There are many elective medical procedures that I do not
understand (cosmetic nipple removal comes to mind) but one of the strangest has
taken hold in the Middle East: mustache transplantation. One Turkish surgeon,
who claims to perform 50-60 of these a month, says that the majority of his
clients are unhappy with their anemic facial hair and wish to project more
masculinity. Many of the clients are politicians who believe that a thicker
mustache will assist them in appealing to voters.
The procedure, which costs around $7,000, uses a technique
called follicular unit extraction to remove hair from a “donor site” and
implant it on the patient’s top lip. They cannot shave for several weeks and it
generally takes about six months to see the full results. Once enough time has
passed, practitioners insist that the relocated hair is indistinguishable from cookie-duster
natives.
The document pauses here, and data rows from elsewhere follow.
(* Let $\Omega\subseteq\mathbb R^d$ be nonempty open, $A\in\mathcal A(\Omega)$, $b,c\in L^\infty(\Omega;\mathbb C^d)$, $V\in L^1_{\rm loc}(\Omega)$ nonnegative, $\mathbf A=(A,b,c,V)$, and let $r>0$, $\zeta\in\mathbb C\setminus\{0\}$, $X\in\mathbb C^d$. Suppose that for a.e. $x\in\Omega$, $\Gamma_r^{\mathbf A}(x,\xi)\ge0$ for all $\xi\in\mathbb C^d$. Then $\mathbf H^{\mathbf A(x)}_{F_r}[\zeta;X]\ge0$ for a.e. $x\in\Omega$. Moreover, if $\mathbf A\in\mathcal S_r(\Omega)$, then for a.e. $x\in\Omega$, $$\mathbf H^{\mathbf A(x)}_{F_r}[\zeta;X]\ge r\,\mu_r(\mathbf A)\,|\zeta|^{r-2}\big(|X|^2+V(x)|\zeta|^2\big).$$
   Context: $\langle \xi,\sigma\rangle=\sum_j\xi_j\overline{\sigma_j}$. $\mathcal{A}(\Omega)$: measurable $A:\Omega\to\mathbb{C}^{d\times d}$ with $\lambda,\Lambda>0$ such that $\Re\langle A(x)\xi,\xi\rangle\ge\lambda|\xi|^2$, $|\langle A(x)\xi,\sigma\rangle|\le\Lambda|\xi||\sigma|$ a.e. For $r>0$: $\mathcal{J}_r\xi=\frac r2(\xi+(1-\frac2r)\overline\xi)$, $\Delta_r(A)=\operatorname{ess\,inf}_{x}\min_{|\xi|=1}\Re\langle A(x)\xi,\xi+|1-2/r|\overline\xi\rangle$, $\mathcal A_r(\Omega)=\{A:\Delta_r(A)>0\}$, $\Gamma_r^{\mathbf A}(x,\xi)=\Re\langle A(x)\xi,\mathcal J_r\xi\rangle+\Re\langle b(x)+\mathcal J_rc(x),\xi\rangle+V(x)$, and $\mathcal S_r(\Omega)$ is the set of such quadruples with $A\in\mathcal A_r(\Omega)$, $|b-c|\le M\sqrt V$ a.e. for some $M$, and $\Gamma_r^{\mathbf A}(x,\xi)\ge\mu(|\xi|^2+V(x))$ a.e., all $\xi$, for some $\mu>0$; $\mu_r(\mathbf A)$ is the largest such $\mu$. Real forms: $\mathcal V_d:\mathbb C^d\to\mathbb R^{2d}$, $\mathcal V_d(\xi_1+i\xi_2)=(\xi_1,\xi_2)$; for $A\in\mathbb C^{d\times d}$, $\mathcal M(A)=\begin{bmatrix}\Re A&-\Im A\\ \Im A&\Re A\end{bmatrix}$. For $\phi:\mathbb C\to\mathbb R$ of class $C^2$ near $\zeta$, let $D^2\phi(\zeta)$ and $\nabla\phi(\zeta)$ be the Hessian and gradient of $\phi\circ\mathcal V_1^{-1}$ at $\mathcal V_1(\zeta)$. For $A\in\mathbb C^{d\times d}$, $b,c\in\mathbb C^d$, $V\in\mathbb R$, $\mathbf A=(A,b,c,V)$, define $\mathbf H^{\mathbf A}_\phi[\zeta;X]=\langle (D^2\phi(\zeta)\otimes I_{\mathbb R^d})\mathcal V_d(X),\mathcal M(A)\mathcal V_d(X)\rangle_{\mathbb R^{2d}}+\langle (D^2\phi(\zeta)\otimes I_{\mathbb R^d})\mathcal V_d(X),\mathcal V_d(\zeta c)\rangle_{\mathbb R^{2d}}+\langle\nabla\phi(\zeta),\mathcal V_1(\langle X,b\rangle)\rangle_{\mathbb R^2}+\langle\nabla\phi(\zeta),\mathcal V_1(V\zeta)\rangle_{\mathbb R^2}$, where $\otimes$ is the Kronecker product. $F_r(\zeta)=|\zeta|^r$. $\mathbf A(x)=(A(x),b(x),c(x),V(x))$. *)

From HB Require Import structures.
From mathcomp Require Import all_boot all_order all_algebra.
From mathcomp Require Import all_classical all_reals all_analysis.
From mathcomp Require Import complex.
Import Order.TTheory GRing.Theory Num.Theory.
Import numFieldNormedType.Exports.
The trend appears to be growing and is now being performed in France
as well.
I am privileged to have a mustachioed co-worker who takes great
pride in his soup-strainer and is even a member of the American Mustache
Association (AMA). While I admire his dedication, I am not willing to separate
myself from $7,000 in order to replicate it. Genetically speaking, I am
predisposed to an asymmetrical “dirty stache” which does nothing to enhance my
masculinity. Fortunately, my wife is not a fan of facial hair (or masculinity)
so we are perfectly suited for one another.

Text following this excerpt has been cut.